AVRT: Audio-Visual Reasoning Transfer through Single-Modality Teachers

arXiv cs.CV / 4/21/2026

📰 NewsIdeas & Deep AnalysisModels & Research

Key Points

  • The paper introduces AVRT, a framework for transferring text reasoning capabilities to multimodal audio-visual reasoning by addressing the scarcity of high-quality multimodal reasoning data.
  • AVRT generates separate audio and vision reasoning traces using single-modality teacher models, then merges them with an LLM “merger” to form high-quality multimodal reasoning traces.
  • It adapts target models to audio-visual reasoning using a two-stage training pipeline: an SFT “cold start” on the generated traces followed by reinforcement learning on larger-scale data.
  • Experiments on seven audio-visual/audio benchmarks show that AVRT-trained 3B and 7B models reach state-of-the-art performance among similarly sized models, and improvements also transfer to related single-modality reasoning tasks.
  • The authors position AVRT as a new training pipeline for multimodal reasoning models, potentially enabling better reasoning over combined sensory inputs like audio and video.

Abstract

Recent advances in reasoning models have shown remarkable progress in text-based domains, but transferring those capabilities to multimodal settings, e.g., to allow reasoning over audio-visual data, still remains a challenge, in part because of the limited availability of high-quality reasoning data in targeted multimodal combinations.

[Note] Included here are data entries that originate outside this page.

(* Both statements come from explicit automorphisms of the free
   group F(x, y).  The involution phi : x |-> x^-1, y |-> y^-1 sends each
   relator of P_n(a;b) to a conjugate of the inverse of the corresponding
   relator of P_n(b;a), and each relator of Q_{4n} to a conjugate of its own
   inverse.  Hence phi followed by inversions and conjugations of relators is a
   chain of Q*-moves from P_n(a;b) to P_n(b;a), and phi maps the normal closure
   of either presentation onto that of the other while preserving the normal
   closure of Q_{4n}, which transports regularity.  The involution
   psi : x |-> x^-1, y |-> y x^-n does the same for P_n(a;b) and P_n(a;1-b),
   because x^n commutes with the powers of x occurring in the second relator;
   with a = 2 and b = 1 - r this is E_{n,r} ~ E_{n,1-r}. *)

From HB Require Import structures.
From mathcomp Require Import all_boot all_order all_algebra.
From mathcomp Require Import zify.
From Stdlib Require Import Relations.
Set Implicit Arguments. Unset Strict Implicit. Unset Printing Implicit Defensive.
Import GRing.Theory.

(** * Free reduction *)

Lemma linvK : involutive linv.
Proof. by case=> g b; rewrite /linv negbK. Qed.

Lemma reduce_cons l t : reduce (l :: t) = cons_red l (reduce t).
Proof. by []. Qed.

Lemma cons_red_head l t : ohead t != Some (linv l) -> cons_red l t = l :: t.
Proof. by case: t => [|l' t] //= H; rewrite ifN //; apply: contra H => /eqP ->. Qed.

Lemma cons_red_eq_cons l s t :
  (size s <= size t)%N -> cons_red l s = l :: t -> s = t.
Proof.
case: s => [|l' s] /=; first by move=> _ [<-].
by case: ifP => _ + E; [rewrite E /=; lia | case: E].
Qed.

Lemma reduced_cons l t :
  reduced (l :: t) = reduced t && (ohead t != Some (linv l)).
Proof.
rewrite /reduced reduce_cons; case: (eqVneq (reduce t) t) => [->|Ht] /=.
  case: t => [|l' t] /=; first exact: eqxx.
  case: (eqVneq l' (linv l)) => [->|Hl]; last by rewrite eqxx (inj_eq Some_inj) Hl.
  by rewrite eqxx; apply/negbTE/eqP => /(congr1 size) /=; lia.
apply/negbTE/eqP => /(cons_red_eq_cons (size_reduce t)).
exact/eqP.
Qed.

Lemma cons_red_reduced l t : reduced t -> reduced (cons_red l t).
Proof. by move/eqP=> Ht; apply/eqP; exact: reduce_cons_red. Qed.

Lemma cons_redK l t : reduced t -> cons_red l (cons_red (linv l) t) = t.
Proof.
case: t => [|l' t] /=; first by rewrite eqxx.
case: (eqVneq l' (linv (linv l))) => [->|_] Ht; last by rewrite /= eqxx.
by rewrite linvK in Ht *; apply: cons_red_head; rewrite reduced_cons in Ht; case/andP: Ht.
Qed.

(* Words act on reduced words by left multiplication with free cancellation;
   [reduce u] is the image of the empty word, which yields the group laws. *)
Definition act (u t : word) : word := foldr cons_red t u.

Lemma act_reduced u t : reduced t -> reduced (act u t).
Proof. by move=> Ht; elim: u => [|l u IH] //=; apply: cons_red_reduced. Qed.

Lemma act_cons_red l s t : reduced s -> reduced t ->
  act (cons_red l s) t = cons_red l (act s t).
Proof.
case: s => [|l' s] //= Hs Ht; case: (eqVneq l' (linv l)) => [El|_] //=.
rewrite El cons_redK //; apply: act_reduced.
by rewrite reduced_cons in Hs; case/andP: Hs.
Qed.

Lemma act_reduce u t : reduced t -> act (reduce u) t = act u t.
Proof.
move=> Ht; elim: u => [|l u IH] //.
by rewrite reduce_cons act_cons_red ?reduce_reduced // IH.
Qed.

Lemma reduce_cat u v : reduce (u ++ v) = act u (reduce v).
Proof. exact: foldr_cat. Qed.

Definition winv (u : word) : word := rev (map linv u).

Lemma winvK : involutive winv.
Proof. by move=> u; rewrite /winv map_rev revK -map_comp (eq_map linvK) map_id. Qed.

Lemma act_winv u t : reduced t -> act u (act (winv u) t) = t.
Proof.
elim: u t => [|l u IH] t Ht //=.
rewrite /winv map_cons rev_cons -cats1 /act foldr_cat /= -/(act _ _) -/(winv u).
by rewrite IH ?cons_redK ?cons_red_reduced.
Qed.

Lemma reduce_cat_winv u : reduce (u ++ winv u) = [::].
Proof. by rewrite reduce_cat act_winv. Qed.

(** * The free group *)

Lemma mkF_val a : mkF (val a) = a.
Proof. by apply: val_inj; apply/eqP; exact: (valP a). Qed.

Lemma fgmul_mkF u v : fgmul (mkF u) (mkF v) = mkF (u ++ v).
Proof.
apply: val_inj => /=.
by rewrite !reduce_cat act_reduce ?reduce_reduced // (eqP (reduce_reduced v)).
Qed.

Lemma fgmulA : associative fgmul.
Proof.
by move=> a b c; rewrite -(mkF_val a) -(mkF_val b) -(mkF_val c) !fgmul_mkF catA.
Qed.

Lemma fg1mul : left_id fgone fgmul.
Proof. by move=> a; rewrite -(mkF_val a) fgmul_mkF. Qed.

Lemma fgmul1 : right_id fgone fgmul.
Proof. by move=> a; rewrite -(mkF_val a) fgmul_mkF cats0. Qed.

Lemma fgmulV : right_inverse fgone fginv fgmul.
Proof.
move=> a; rewrite -{1}(mkF_val a) fgmul_mkF.
by apply: val_inj; rewrite /= reduce_cat_winv.
Qed.

Lemma fgVmul : left_inverse fgone fginv fgmul.
Proof.
move=> a; rewrite -{2}(mkF_val a) -[val a]winvK fgmul_mkF.
by apply: val_inj; rewrite /= reduce_cat_winv.
Qed.

HB.instance Definition _ := Choice.copy F2 {w : word | reduced w}.
HB.instance Definition _ := isGroup.Build F2 fgmulA fg1mul fgmul1 fgVmul fgmulV.

Local Open Scope group_scope.

Lemma fgmulE (a b : F2) : fgmul a b = a * b. Proof. by []. Qed.
Lemma fginvE (a : F2) : fginv a = a^-1. Proof. by []. Qed.
Lemma fgprod_cons (a : F2) s : fgprod (a :: s) = a * fgprod s. Proof. by []. Qed.

Arguments fgpow : simpl never.

Lemma fgpowE (g : F2) k :
  fgpow g k = if k is Negz m then g ^- m.+1 else g ^+ `|k|%N.
Proof. by case: k => m; rewrite /fgpow -?expVgn; exact: iter_mulg_1. Qed.

Lemma fgpowV (g : F2) k : fgpow g^-1 k = (fgpow g k)^-1.
Proof. by rewrite !fgpowE; case: k => m; rewrite expVgn ?invgK. Qed.

Lemma commute_fgpow (g h : F2) k : commute g h -> commute g (fgpow h k).
Proof.
by rewrite fgpowE; case: k => m gh; [apply: commuteX | apply/commuteV/commuteX].
Qed.

Lemma commute_fgpow2 (g : F2) k l : commute (fgpow g k) (fgpow g l).
Proof. exact/commute_fgpow/commute_sym/commute_fgpow/commute_refl. Qed.

Lemma gmulf_fgpow (h : UMagmaMorphism.type F2 F2) g k : h (fgpow g k) = fgpow (h g) k.
Proof. by rewrite !fgpowE; case: k => m; [exact: gmulfXn | exact: gmulfXVn]. Qed.

(** * Homomorphisms out of the free group *)

Definition letter_val (base : bool -> F2) (l : letter) : F2 :=
  if l.2 then (base l.1)^-1 else base l.1.

Definition F2_lift (base : bool -> F2) (a : F2) : F2 :=
  \prod_(l <- val a) letter_val base l.

Section Lift.
Variable base : bool -> F2.

Lemma letter_val_linv l : letter_val base (linv l) = (letter_val base l)^-1.
Proof. by case: l => g []; rewrite /letter_val /= ?invgK. Qed.

Lemma prod_cons_red l s :
  \prod_(l' <- cons_red l s) letter_val base l' =
  letter_val base l * \prod_(l' <- s) letter_val base l'.
Proof.
case: s => [|l' s] /=; first by rewrite big_cons.
case: (eqVneq l' (linv l)) => [->|_]; last by rewrite big_cons.
by rewrite !big_cons letter_val_linv mulVKg.
Qed.

Lemma prod_reduce w :
  \prod_(l <- reduce w) letter_val base l = \prod_(l <- w) letter_val base l.
Proof. by elim: w => [|l w IH]; rewrite ?reduce_cons ?prod_cons_red ?big_cons ?IH. Qed.

Lemma F2_liftM : {morph F2_lift base : a b / a * b}.
Proof. by move=> a b; rewrite /F2_lift /= prod_reduce big_cat. Qed.

Lemma F2_lift1 : F2_lift base 1 = 1.
Proof. exact: big_nil. Qed.

End Lift.

HB.instance Definition _ base :=
  isUMagmaMorphism.Build F2 F2 (F2_lift base) (F2_lift1 base, F2_liftM base).

Lemma F2_lift_x base : F2_lift base gx = base false.
Proof. exact: big_seq1. Qed.

Lemma F2_lift_y base : F2_lift base gy = base true.
Proof. exact: big_seq1. Qed.

Definition F2_gen (g : bool) : F2 := if g then gy else gx.

Lemma F2_lift_gen : F2_lift F2_gen =1 id.
Proof.
move=> a; rewrite -[RHS]mkF_val /F2_lift.
elim: (val a) => [|l w IH]; first exact: big_nil.
rewrite big_cons IH; suff -> : letter_val F2_gen l = mkF [:: l] by exact: fgmul_mkF.
by case: l => -[] []; apply: val_inj.
Qed.

Lemma gmulf_F2_lift (h : UMagmaMorphism.type F2 F2) base a :
  h (F2_lift base a) = F2_lift (h \o base) a.
Proof.
rewrite gmulf_prod; apply: eq_bigr => -[g []] _ //=.
exact: gmulfV.
Qed.
Lemma char_roots_prod e : 0 < e -> e * char_root_pos e * char_root_neg e = -1.
Proof.
  intros He. destruct (sqrt_1_add_4mul_bounds e He) as [Hsq _].
  unfold char_root_pos, char_root_neg.
  replace (e * ((1 + sqrt (1 + 4 * e)) / (2 * e)) * ((1 - sqrt (1 + 4 * e)) / (2 * e)))
    with ((1 - sqrt (1 + 4 * e) * sqrt (1 + 4 * e)) / (4 * e)) by (field; lra).
  rewrite Hsq. field. lra.
Qed.

Lemma char_root_pos_ge_inv e : 0 < e -> / e <= char_root_pos e.
Proof.
  intros He. destruct (sqrt_1_add_4mul_bounds e He) as [_ [Hge _]].
  unfold char_root_pos. apply (Rmult_le_reg_r (2 * e)); [lra|].
  field_simplify; lra.
Qed.

Lemma inv_mul_char_root_pos_ge e : 0 < e -> 1 - e <= / (e * char_root_pos e).
Proof.
  intros He. destruct (sqrt_1_add_4mul_bounds e He) as [_ [Hge Hle]].
  replace (/ (e * char_root_pos e)) with (2 / (1 + sqrt (1 + 4 * e)))
    by (unfold char_root_pos; field; lra).
  apply (Rmult_le_reg_r (1 + sqrt (1 + 4 * e))); [lra|].
  field_simplify; nra.
Qed.

Lemma char_root_neg_le e : 0 < e -> char_root_neg e <= e - 1.
Proof.
  intros He. destruct (sqrt_1_add_4mul_bounds e He) as [Hsq [Hge _]].
  assert (Hsqrt : 1 + 2 * e - 2 * e * e <= sqrt (1 + 4 * e)).
  { destruct (Rle_lt_dec (1 + 2 * e - 2 * e * e) 0); [lra|].
    assert (e < 2) by nra.
    assert (0 <= e * e * e * (2 - e)) by (apply Rmult_le_pos; [|lra]; apply Rmult_le_pos; nra).
    apply Rsqr_incr_0_var; [unfold Rsqr; nra | lra]. }
  unfold char_root_neg. apply (Rmult_le_reg_r (2 * e)); [lra|].
  field_simplify; nra.
Qed.

Lemma one_sub_exp_char_root_pos_ge e tau : 0 < e -> 0 < tau ->
  1 - e / tau <= 1 - exp (- char_root_pos e * tau).
Proof.
  intros He Htau. pose proof (char_root_pos_ge_inv e He).
  assert (0 < tau / e) by (apply Rdiv_lt_0_compat; lra).
  assert (Hexp : exp (- char_root_pos e * tau) * (1 + tau / e) <= 1).
  { replace 1 with (exp (- (tau / e)) * exp (tau / e)) at 2
      by (rewrite <- exp_plus, <- exp_0; f_equal; ring).
    apply Rmult_le_compat; [left; apply exp_pos | lra | | apply exp_ineq1_le].
    apply exp_le_exp. unfold Rdiv. assert (/ e * tau <= char_root_pos e * tau) by
      (apply Rmult_le_compat_r; lra). lra. }
  assert (exp (- char_root_pos e * tau) <= e / tau); [|lra].
  pose proof (exp_pos (- char_root_pos e * tau)).
  apply (Rmult_le_reg_r (tau / e)); [lra|].
  replace (e / tau * (tau / e)) with 1 by (field; lra). nra.
Qed.

Lemma exp_char_root_neg_ge e s : 0 < e -> 0 <= s ->
  exp s * (1 - e * s) <= exp (- char_root_neg e * s).
Proof.
  intros He Hs. pose proof (char_root_neg_le e He).
  assert (exp s * exp (- (e * s)) <= exp (- char_root_neg e * s)).
  { rewrite <- exp_plus. apply exp_le_exp. nra. }
  pose proof (exp_ineq1_le (- (e * s))). pose proof (exp_pos s). nra.
Qed.

(* [exp 1 * p * (h - tau)] for the decay rate [p] that the comparison argument
   below extracts from [e y'' - y' - y >= A y(t - h)]. *)
Definition delay_gain (e A h tau : R) : R :=
  exp 1 * (A * (1 - exp (- char_root_pos e * tau)) / (e * char_root_pos e)
           * exp (- char_root_neg e * (h - tau))) * (h - tau).

(* The gain tends to [A h exp (h + 1)] as [e -> 0] and [tau -> 0]; each of its five
   factors is kept above [1 - d] times its limit. *)
Lemma delay_gain_ge (A h tau e d : R) : 0 < A -> 0 < h -> 0 < e -> 0 < tau ->
  0 <= d < 1 -> e / tau <= d -> e <= d -> tau + e * h <= d -> tau <= d * h ->
  A * h * exp (h + 1) * (1 - d) ^ 5 <= delay_gain e ((1 - d) * A) h tau.
Proof.
  intros HA Hh He Htau Hd Het Hed Htauh Htaud.
  assert (Htau_h : tau < h) by (assert (0 < (1 - d) * h) by (apply Rmult_lt_0_compat; lra); lra).
  set (a := 1 - d).
  set (X1 := 1 - exp (- char_root_pos e * tau)).
  set (X2 := / (e * char_root_pos e)).
  set (X3 := exp (- char_root_neg e * (h - tau))).
  assert (F1 : a <= X1)
    by (pose proof (one_sub_exp_char_root_pos_ge e tau He Htau); unfold a, X1; lra).
  assert (F2 : a <= X2) by (pose proof (inv_mul_char_root_pos_ge e He); unfold a, X2; lra).
  assert (F3 : a * exp h <= X3).
  { pose proof (exp_char_root_neg_ge e (h - tau) He ltac:(lra)) as Hneg.
    replace (exp (h - tau)) with (exp h * exp (- tau)) in Hneg
      by (rewrite <- exp_plus; f_equal; ring).
    pose proof (exp_ineq1_le (- tau)). pose proof (exp_pos h).
    assert (1 - e * h <= 1 - e * (h - tau)) by nra.
    assert ((1 - tau) * (1 - e * h) <= exp (- tau) * (1 - e * (h - tau)))
      by (apply Rmult_le_compat; nra).
    assert (a <= exp (- tau) * (1 - e * (h - tau))) by (unfold a; nra).
    unfold X3; nra. }
  assert (F4 : a * h <= h - tau) by (unfold a; nra).
  assert (Hprod : a * a * a * (a * exp h) * (a * h) <= a * X1 * X2 * X3 * (h - tau)).
  { pose proof (exp_pos h).
    repeat apply Rmult_le_compat; repeat apply Rmult_le_pos; unfold a in *; lra. }
  unfold delay_gain; fold X1 X3.
  replace (exp 1 * (a * A * X1 / (e * char_root_pos e) * X3) * (h - tau))
    with (exp 1 * A * (a * X1 * X2 * X3 * (h - tau)))
    by (unfold X2; field; pose proof (char_root_pos_gt0 e He); nra).
  replace (A * h * exp (h + 1) * a ^ 5)
    with (exp 1 * A * (a * a * a * (a * exp h) * (a * h))) by (rewrite exp_plus; ring).
  apply Rmult_le_compat_l; [|exact Hprod].
  pose proof (exp_pos 1). nra.
Qed.

Lemma delay_gain_gt1 (A h : R) : 0 < A -> 0 < h -> 1 < A * h * exp (h + 1) ->
  exists r tau e0, 0 < r < 1 /\ 0 < tau < h /\ 0 < e0 /\
    forall e, 0 < e < e0 -> 1 < delay_gain e (r * A) h tau.
Proof.
  intros HA Hh Hk.
  set (k := A * h * exp (h + 1)) in *.
  set (d := (1 - / k) / 10).
  assert (Hd : 0 < d < 1 / 10).
  { assert (0 < / k < 1).
    { split; [apply Rinv_0_lt_compat; lra|].
      rewrite <- Rinv_1. apply Rinv_lt_contravar; lra. }
    unfold d; lra. }
  set (tau := d * h / (2 * (h + 1))).
  assert (Htau : 0 < tau /\ tau <= d / 2 /\ tau <= d * h / 2).
  { unfold tau; repeat split.
    - apply Rdiv_lt_0_compat; nra.
    - apply (Rmult_le_reg_r (2 * (h + 1))); [lra|]. field_simplify; nra.
    - apply (Rmult_le_reg_r (2 * (h + 1))); [lra|]. field_simplify; nra. }
  exists (1 - d), tau, (Rmin (d * tau) (d / (2 * h))).
  split; [lra|]. split; [nra|]. split.
  { apply Rmin_pos; [nra | apply Rdiv_lt_0_compat; lra]. }
  intros e [He He0].
  pose proof (Rmin_l (d * tau) (d / (2 * h))).
  pose proof (Rmin_r (d * tau) (d / (2 * h))).
  assert (Het : e / tau <= d)
    by (apply (Rmult_le_reg_r tau); [lra|]; field_simplify; lra).
  assert (Heh : e * h <= d / 2).
  { apply (Rmult_le_reg_r (/ h)); [apply Rinv_0_lt_compat; lra|].
    replace (e * h * / h) with e by (field; lra).
    replace (d / 2 * / h) with (d / (2 * h)) by (field; lra). lra. }
  pose proof (delay_gain_ge A h tau e d HA Hh He ltac:(lra) ltac:(lra) Het ltac:(nra)
                ltac:(lra) ltac:(nra)) as Hge; fold k in Hge.
  pose proof (bernoulli_ineq (- d) 5 ltac:(lra)) as Hbern.
  replace (1 + - d) with (1 - d) in Hbern by ring. simpl INR in Hbern.
  assert (Hkd : 1 < k * (1 - 5 * d)) by (unfold d; field_simplify; lra).
  assert (k * (1 - 5 * d) <= k * (1 - d) ^ 5) by (apply Rmult_le_compat_l; lra).
  lra.
Qed.

Section SecondOrderComparison.

Variables (e A h tau T B : R) (y y1 y2 : R -> R).
Hypothesis e_pos : 0 < e.
Hypothesis A_pos : 0 < A.
Hypothesis tau_range : 0 < tau < h.
Hypothesis gain_gt1 : 1 < delay_gain e A h tau.
Hypothesis y_derive : forall t, is_derive y t (y1 t).
Hypothesis y1_derive : forall t, is_derive y1 t (y2 t).
Hypothesis y_nonneg : forall t, T - h <= t -> 0 <= y t.
Hypothesis y_super : forall t, T <= t -> A * y (t - h) <= e * y2 t - y1 t - y t.
Hypothesis y_bounded : forall t, Rabs (y t) <= B.
Hypothesis y_not_eventually_0 : forall t1, exists t, t1 <= t /\ y t <> 0.

Let lp := char_root_pos e.
Let lm := char_root_neg e.
Let u (s : R) : R := y1 s - lm * y s.

Let lp_pos : 0 < lp.
Proof. exact (char_root_pos_gt0 e e_pos). Qed.

Let lm_neg : lm < 0.
Proof.
  pose proof (char_roots_prod e e_pos). fold lp lm in H.
  pose proof (Rmult_lt_0_compat _ _ e_pos lp_pos). nra.
Qed.

(* [e y'' - y' - y = e (D - lp) (D - lm) y = e (u' - lp u)]. *)
Lemma comparison_is_derive_weighted_u s :
  is_derive (fun s => exp (- lp * s) * u s) s
    (exp (- lp * s) * (e * y2 s - y1 s - y s) / e).
Proof.
  replace (exp (- lp * s) * (e * y2 s - y1 s - y s) / e)
    with (- lp * exp (- lp * s) * u s + exp (- lp * s) * (y2 s - lm * y1 s)).
  - apply (Derive.is_derive_mult (fun s => exp (- lp * s)) u);
      [apply is_derive_exp_scal|].
    apply is_derive_Rminus; [apply y1_derive | apply is_derive_Rscal, y_derive].
  - pose proof (char_roots_sum e e_pos) as Hsum. pose proof (char_roots_prod e e_pos) as Hprod.
    fold lp lm in Hsum, Hprod. unfold u.
    apply (Rmult_eq_reg_l e); [|lra].
    replace (e * (exp (- lp * s) * (e * y2 s - y1 s - y s) / e))
      with (exp (- lp * s) * (e * y2 s - (e * (lp + lm)) * y1 s + (e * lp * lm) * y s))
      by (rewrite Hsum, Hprod; field; lra).
    ring.
Qed.

Lemma comparison_weighted_u_nondecr a b : T <= a -> a <= b ->
  exp (- lp * a) * u a <= exp (- lp * b) * u b.
Proof.
  intros Ha Hab.
  apply (nondecreasing_of_derive_nonneg (fun s => exp (- lp * s) * u s)
           (fun s => exp (- lp * s) * (e * y2 s - y1 s - y s) / e) a b Hab);
    [intros t _; apply comparison_is_derive_weighted_u|].
  intros t Ht. pose proof (y_super t ltac:(lra)). pose proof (y_nonneg (t - h) ltac:(lra)).
  pose proof (exp_pos (- lp * t)).
  apply Rdiv_le_0_compat; [|lra]. apply Rmult_le_pos; nra.
Qed.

To address this problem, we introduce AVRT, a novel framework that generates high-quality audio-visual reasoning traces from single-modality teacher models. We generate independent vision- and audio-reasoning traces via models specialized to reason over their respective modalities and merge the resulting traces with an LLM merger model. The resulting multimodal traces are used in a supervised fine-tuning (SFT) cold start to adapt the target model to audio-visual reasoning traces first, before training it in a second reinforcement learning stage on larger-scale data. Evaluated on seven audio-visual and audio benchmarks, our 3B and 7B parameter models achieve state-of-the-art results among models of comparable size including OmniBench and DailyOmni for audio-visual and MMAR for audio-only reasoning, showing that cross-modal training also transfers to single-modality tasks and establishing a new training pipeline for multimodal reasoning models.